* _TASK TO CARRY OUT_:
Word for word, repeat the lines of the records from the one containing "Lemma natf_neq0_char0 (L" through the last line, both included.

Stored items from a collection
Fixpoint fexpr_eval (e : fexpr) : k :=
  match e with
  | FVar i => s`_i | FZero => 0 | FOne => 1
  | FAdd a b => fexpr_eval a + fexpr_eval b | FMul a b => fexpr_eval a * fexpr_eval b
  | FOpp a => - fexpr_eval a | FInv a => (fexpr_eval a)^-1
  end.

Definition field_gen : {pred k} := fun x => `[< exists e, fexpr_eval e = x >].

Lemma field_gen_divring_closed : divring_closed field_gen.
Proof.
split; first by apply/asboolP; exists FOne.
- by move=> _ _ /asboolP[a <-] /asboolP[b <-]; apply/asboolP; exists (FAdd a (FOpp b)).
- by move=> _ _ /asboolP[a <-] /asboolP[b <-]; apply/asboolP; exists (FMul a (FInv b)).
Qed.

HB.instance Definition _ :=
  GRing.isDivringClosed.Build k field_gen field_gen_divring_closed.

Lemma mem_field_gen x : x \in s -> x \in field_gen.
Proof. by move=> xs; apply/asboolP; exists (FVar (index x s)); rewrite /= nth_index. Qed.

Definition gen_subfield := {x : k | x \in field_gen}.
HB.instance Definition _ := [isSub of gen_subfield for @sval k (fun x => x \in field_gen)].
HB.instance Definition _ := [Choice of gen_subfield by <:].
HB.instance Definition _ := [SubChoice_isSubComUnitRing of gen_subfield by <:].
HB.instance Definition _ := [SubComUnitRing_isSubIntegralDomain of gen_subfield by <:].
HB.instance Definition _ := [SubIntegralDomain_isSubField of gen_subfield by <:].

Lemma gen_subfield_expr (x : gen_subfield) : exists e, fexpr_eval e == val x.
Proof. by have /asboolP[e <-] := valP x; exists e. Qed.

Definition fexpr_of_gen (x : gen_subfield) : fexpr := xchoose (gen_subfield_expr x).

Lemma fexpr_of_genK : pcancel fexpr_of_gen (fun e => insub (fexpr_eval e)).
Proof. by move=> x; rewrite /fexpr_of_gen (eqP (xchooseP (gen_subfield_expr x))) valK. Qed.

HB.instance Definition _ := Countable.copy gen_subfield (pcan_type fexpr_of_genK).
End GeneratedSubfield.

Section Ultraproduct.
Variable k : fieldType.
Local Open Scope classical_set_scope.
Local Open Scope quotient_scope.

Definition closure_gen (s : seq k) : closedFieldType :=
  projT1 (countable_algebraic_closure (gen_subfield s)).

Definition closure_gen_embedding (s : seq k) :
  {rmorphism gen_subfield s -> closure_gen s} :=
  proj1_sig (projT2 (countable_algebraic_closure (gen_subfield s))).

Definition superset_filter : set_system (seq k) :=
  fun A => exists s0 : seq k, forall s, {subset s0 <= s} -> A s.

Lemma superset_filter_proper : ProperFilter superset_filter.
Proof.
split; first by move=> [s0 A0]; apply: (A0 s0).
split; first by exists [::].
- move=> A B [s1 A1] [s2 B2]; exists (s1 ++ s2) => s sub; split.
    by apply: A1 => x x1; apply: sub; rewrite mem_cat x1.
  by apply: B2 => x x2; apply: sub; rewrite mem_cat x2 orbT.
- by move=> P Q PQ [s0 P0]; exists s0 => s sub; apply/PQ/P0.
Qed.

Definition ultra_sig := cid (ultraFilterLemma superset_filter_proper).
Definition ultra : set_system (seq k) := proj1_sig ultra_sig.
#[local] Instance ultra_ultrafilter : UltraFilter ultra := (proj2_sig ultra_sig).1.

Lemma ultra_superset (s0 : seq k) (A : set (seq k)) :
  (forall s, {subset s0 <= s} -> A s) -> ultra A.
Proof. by move=> A0; apply: (proj2_sig ultra_sig).2; exists s0. Qed.

Definition uprod := forall s : seq k, closure_gen s.
HB.instance Definition _ := gen_eqMixin uprod.
HB.instance Definition _ := gen_choiceMixin uprod.

Definition uprod_add (x y : uprod) : uprod := fun s => x s + y s.
Definition uprod_opp (x : uprod) : uprod := fun s => - x s.
Definition uprod_mul (x y : uprod) : uprod := fun s => x s * y s.
Definition uprod_inv (x : uprod) : uprod := fun s => (x s)^-1.

Local Ltac pointwise := move=> *; apply: functional_extensionality_dep => s.

Lemma uprod_addA : associative uprod_add. Proof. by pointwise; apply: addrA. Qed.
Lemma uprod_addC : commutative uprod_add. Proof. by pointwise; apply: addrC. Qed.
Lemma uprod_add0 : left_id (fun=> 0) uprod_add. Proof. by pointwise; apply: add0r. Qed.
Lemma uprod_addN : left_inverse (fun=> 0) uprod_opp uprod_add.
Proof. by pointwise; apply: addNr. Qed.
HB.instance Definition _ :=
  GRing.isZmodule.Build uprod uprod_addA uprod_addC uprod_add0 uprod_addN.

Lemma uprod_mulA : associative uprod_mul. Proof. by pointwise; apply: mulrA. Qed.
Lemma uprod_mulC : commutative uprod_mul. Proof. by pointwise; apply: mulrC. Qed.
Lemma uprod_mul1 : left_id (fun=> 1) uprod_mul. Proof. by pointwise; apply: mul1r. Qed.
Lemma uprod_mulDl : left_distributive uprod_mul +%R. Proof. by pointwise; apply: mulrDl. Qed.
HB.instance Definition _ :=
  GRing.Zmodule_isComPzRing.Build uprod uprod_mulA uprod_mulC uprod_mul1 uprod_mulDl.

Lemma uprodD (x y : uprod) s : (x + y) s = x s + y s. Proof. by []. Qed.
Lemma uprodN (x : uprod) s : (- x) s = - x s. Proof. by []. Qed.
Lemma uprodM (x y : uprod) s : (x * y) s = x s * y s. Proof. by []. Qed.

Definition uproj (s : seq k) (x : uprod) : closure_gen s := x s.
Lemma uproj_zmod s : zmod_morphism (uproj s). Proof. by []. Qed.
Lemma uproj_monoid s : monoid_morphism (uproj s). Proof. by []. Qed.
HB.instance Definition _ s :=
  GRing.isZmodMorphism.Build uprod (closure_gen s) (uproj s) (uproj_zmod s).
HB.instance Definition _ s :=
  GRing.isMonoidMorphism.Build uprod (closure_gen s) (uproj s) (uproj_monoid s).

Definition ueq (x y : uprod) : bool := `[< ultra [set s | x s = y s] >].

Lemma ueq_refl : reflexive ueq. Proof. by move=> x; apply/asboolP; apply: filterE. Qed.
Lemma ueq_sym : ssrbool.symmetric ueq.
Proof. by move=> x y; apply/asboolP/asboolP; apply: filterS => s /=. Qed.
Lemma ueq_trans : transitive ueq.
Proof.
move=> y x z /asboolP xy /asboolP yz; apply/asboolP.
by apply: filterS2 xy yz => s /= -> ->.
Qed.

Canonical ueq_equiv := EquivRel ueq ueq_refl ueq_sym ueq_trans.
Definition ultraproduct := {eq_quot ueq_equiv}.
HB.instance Definition _ := Choice.copy ultraproduct {eq_quot ueq_equiv}.

Notation pi := (\pi_ultraproduct).

Lemma eq_pi (x y : uprod) : (pi x = pi y) <-> ultra [set s | x s = y s].
Proof. by split=> [/eqmodP/asboolP|xy]; last by apply/eqmodP/asboolP. Qed.

Lemma repr_pi (x : uprod) : ultra [set s | repr (pi x) s = x s].
Proof. by apply/eq_pi; rewrite reprK. Qed.

Definition ult_add (a b : ultraproduct) : ultraproduct := pi (repr a + repr b).
Definition ult_opp (a : ultraproduct) : ultraproduct := pi (- repr a).
Definition ult_mul (a b : ultraproduct) : ultraproduct := pi (repr a * repr b).
Definition ult_inv (a : ultraproduct) : ultraproduct := pi (uprod_inv (repr a)).

Lemma pi_add x y : pi (x + y) = ult_add (pi x) (pi y).
Proof.
by apply/eq_pi; apply: filterS2 (repr_pi x) (repr_pi y) => s /= xs ys; rewrite !uprodD xs ys.
Qed.

Lemma pi_opp x : pi (- x) = ult_opp (pi x).
Proof. by apply/eq_pi; apply: filterS (repr_pi x) => s /= xs; rewrite !uprodN xs. Qed.

Lemma pi_mul x y : pi (x * y) = ult_mul (pi x) (pi y).
Proof.
by apply/eq_pi; apply: filterS2 (repr_pi x) (repr_pi y) => s /= xs ys; rewrite !uprodM xs ys.
Qed.

Lemma pi_inv x : pi (uprod_inv x) = ult_inv (pi x).
Proof. by apply/eq_pi; apply: filterS (repr_pi x) => s /= xs; rewrite /uprod_inv xs. Qed.

Local Ltac quotient_elim := repeat (elim/(@quotW _ ultraproduct) => ?).

Lemma ult_addA : associative ult_add.
Proof. by quotient_elim; rewrite -!pi_add addrA. Qed.
Lemma ult_addC : commutative ult_add.
Proof. by quotient_elim; rewrite -!pi_add addrC. Qed.
Lemma ult_add0 : left_id (pi 0) ult_add.
Proof. by quotient_elim; rewrite -pi_add add0r. Qed.
Lemma ult_addN : left_inverse (pi 0) ult_opp ult_add.
Proof. by quotient_elim; rewrite -pi_opp -pi_add addNr. Qed.
HB.instance Definition _ :=
  GRing.isZmodule.Build ultraproduct ult_addA ult_addC ult_add0 ult_addN.

Lemma ult_mulA : associative ult_mul.
Proof. by quotient_elim; rewrite -!pi_mul mulrA. Qed.
Lemma ult_mulC : commutative ult_mul.
Proof. by quotient_elim; rewrite -!pi_mul mulrC. Qed.
Lemma ult_mul1 : left_id (pi 1) ult_mul.
Proof. by quotient_elim; rewrite -pi_mul mul1r. Qed.
Lemma ult_mulDl : left_distributive ult_mul ult_add.
Proof. by quotient_elim; rewrite -pi_add -!pi_mul -pi_add mulrDl. Qed.
Lemma ult_one_neq0 : pi 1 != pi 0.
Proof. by apply/eqP => /eq_pi/filter_ex[s /= /eqP]; rewrite oner_eq0. Qed.
HB.instance Definition _ := GRing.Zmodule_isComNzRing.Build ultraproduct
  ult_mulA ult_mulC ult_mul1 ult_mulDl ult_one_neq0.

Definition to_ultra (x : uprod) : ultraproduct := pi x.
Lemma to_ultra_zmod : zmod_morphism to_ultra.
Proof. by move=> x y; rewrite /to_ultra pi_add pi_opp. Qed.
Lemma to_ultra_monoid : monoid_morphism to_ultra.
Proof. by split=> // x y; rewrite /to_ultra pi_mul. Qed.
HB.instance Definition _ :=
  GRing.isZmodMorphism.Build uprod ultraproduct to_ultra to_ultra_zmod.
HB.instance Definition _ :=
  GRing.isMonoidMorphism.Build uprod ultraproduct to_ultra to_ultra_monoid.

Lemma ult_mulVf (a : ultraproduct) : a != 0 -> ult_inv a * a = 1.
Proof.
elim/quotW: a => x x_neq0; rewrite -pi_inv.
change (to_ultra (uprod_inv x) * to_ultra x = to_ultra 1); rewrite -rmorphM.
apply/eq_pi; have [x0|] := in_ultra_setVsetC [set s | x s = 0] ultra_ultrafilter.
  by case/eqP: x_neq0; apply/eq_pi.
by apply: filterS => s /= /eqP xs; apply: mulVf.
Qed.

Lemma ult_inv0 : ult_inv 0 = 0.
Proof. by rewrite -pi_inv; apply/eq_pi; apply: filterE => s; apply: invr0. Qed.
HB.instance Definition _ := GRing.ComNzRing_isField.Build ultraproduct ult_mulVf ult_inv0.

Lemma ultraproduct_closed : GRing.closed_field_axiom ultraproduct.
Proof.
move=> n P n_gt0; pose c s i := uproj s (repr (P i)).
have root s : {x | x ^+ n = \sum_(i < n) c s i * x ^+ i}.
  exact: sig_eqW (solve_monicpoly (c s) n_gt0).
pose x : uprod := fun s => sval (root s).
exists (to_ultra x); rewrite -rmorphXn.
rewrite (eq_bigr (fun i : 'I_n => to_ultra (repr (P i) * x ^+ i))); last first.
  by move=> i _; rewrite rmorphM rmorphXn; congr (_ * _); apply/esym/reprK.
rewrite -rmorph_sum; apply/eq_pi; apply: filterE => s /=.
rewrite -[LHS]/(uproj s _) rmorphXn (svalP (root s)) -[RHS]/(uproj s _) rmorph_sum.
by apply: eq_bigr => i _; rewrite rmorphM rmorphXn.
Qed.
HB.instance Definition _ := Field_isAlgClosed.Build ultraproduct ultraproduct_closed.

(* Junk value 0 when c is outside the subfield generated by s; the lists s
   containing c form a set of the ultrafilter, so this is harmless. *)
Definition embed_at (s : seq k) (c : k) : closure_gen s :=
  oapp (closure_gen_embedding s) 0 (insub c : option (gen_subfield s)).

Lemma embed_atE s c (cs : c \in field_gen s) :
  embed_at s c = closure_gen_embedding s (Sub c cs).
Proof. by rewrite /embed_at insubT. Qed.

Definition ultra_embedding (c : k) : ultraproduct := to_ultra (fun s => embed_at s c).

Lemma ultra_embedding_zmod : zmod_morphism ultra_embedding.
Proof.
move=> c d; rewrite /ultra_embedding -rmorphB; apply/eq_pi.
apply: (@ultra_superset [:: c; d]) => s sub /=.
have cs : c \in field_gen s by apply/mem_field_gen/sub; rewrite inE eqxx.
have ds : d \in field_gen s by apply/mem_field_gen/sub; rewrite !inE eqxx orbT.
rewrite uprodD uprodN (embed_atE cs) (embed_atE ds) (embed_atE (rpredB cs ds)).
by rewrite -rmorphB; congr (_ _); apply: val_inj.
Qed.

Lemma ultra_embedding_monoid : monoid_morphism ultra_embedding.
Proof.
split=> [|c d]; rewrite /ultra_embedding -?rmorph1 -?rmorphM; apply/eq_pi.
  apply: filterE => s /=; rewrite (embed_atE (rpred1 _)) -[RHS]/(1 : closure_gen s).
  rewrite -(rmorph1 (closure_gen_embedding s)).
  by congr (_ _); apply: val_inj.
apply: (@ultra_superset [:: c; d]) => s sub /=.
have cs : c \in field_gen s by apply/mem_field_gen/sub; rewrite inE eqxx.
have ds : d \in field_gen s by apply/mem_field_gen/sub; rewrite !inE eqxx orbT.
rewrite uprodM (embed_atE cs) (embed_atE ds) (embed_atE (rpredM cs ds)).
by rewrite -rmorphM; congr (_ _); apply: val_inj.
Qed.

HB.instance Definition _ :=
  GRing.isZmodMorphism.Build k ultraproduct ultra_embedding ultra_embedding_zmod.
HB.instance Definition _ :=
  GRing.isMonoidMorphism.Build k ultraproduct ultra_embedding ultra_embedding_monoid.
End Ultraproduct.

Lemma natf_neq0_char0 (L : fieldType) (n : nat) :
  [pchar L] =i pred0 -> n != 0%N -> n%:R != 0 :> L.
Proof. by move=> L0 n0; rewrite ((pcharf0P L).1 L0). Qed.

Section UVSystem.
Variables (L : fieldType) (b1 b2 b3 K1 K2 : L).

Definition uv_system (U V : L) : Prop :=
  [/\ K1 * U ^+ 2 * V = (b1 + b2 * U) ^+ 2, K2 * U * V ^+ 2 = (b1 + b3 * V) ^+ 2
    & 3%:R * b1 + b2 * U + b3 * V = 0].

Definition delta : L :=
  b2^+4 * b3^+5 * K1 + 8%:R * b1 * b2^+2 * b3^+4 * K1^+2
  + 16%:R * b1^+2 * b3^+3 * K1^+3 + b2^+5 * b3^+4 * K2
  + 15%:R * b1 * b2^+3 * b3^+3 * K1 * K2
  + 12%:R * b1^+2 * b2 * b3^+2 * K1^+2 * K2
  + 8%:R * b1 * b2^+4 * b3^+2 * K2^+2
  + 12%:R * b1^+2 * b2^+2 * b3 * K1 * K2^+2
  + 27%:R * b1^+3 * K1^+2 * K2^+2
  + 16%:R * b1^+2 * b2^+3 * K2^+3.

* _OUTPUT FOR THIS TASK_:
Lemma natf_neq0_char0 (L : fieldType) (n : nat) :
  [pchar L] =i pred0 -> n != 0%N -> n%:R != 0 :> L.
Proof. by move=> L0 n0; rewrite ((pcharf0P L).1 L0). Qed.

Section UVSystem.
Variables (L : fieldType) (b1 b2 b3 K1 K2 : L).

Definition uv_system (U V : L) : Prop :=
  [/\ K1 * U ^+ 2 * V = (b1 + b2 * U) ^+ 2, K2 * U * V ^+ 2 = (b1 + b3 * V) ^+ 2
    & 3%:R * b1 + b2 * U + b3 * V = 0].

Definition delta : L :=
  b2^+4 * b3^+5 * K1 + 8%:R * b1 * b2^+2 * b3^+4 * K1^+2
  + 16%:R * b1^+2 * b3^+3 * K1^+3 + b2^+5 * b3^+4 * K2
  + 15%:R * b1 * b2^+3 * b3^+3 * K1 * K2
  + 12%:R * b1^+2 * b2 * b3^+2 * K1^+2 * K2
  + 8%:R * b1 * b2^+4 * b3^+2 * K2^+2
  + 12%:R * b1^+2 * b2^+2 * b3 * K1 * K2^+2
  + 27%:R * b1^+3 * K1^+2 * K2^+2
  + 16%:R * b1^+2 * b2^+3 * K2^+3.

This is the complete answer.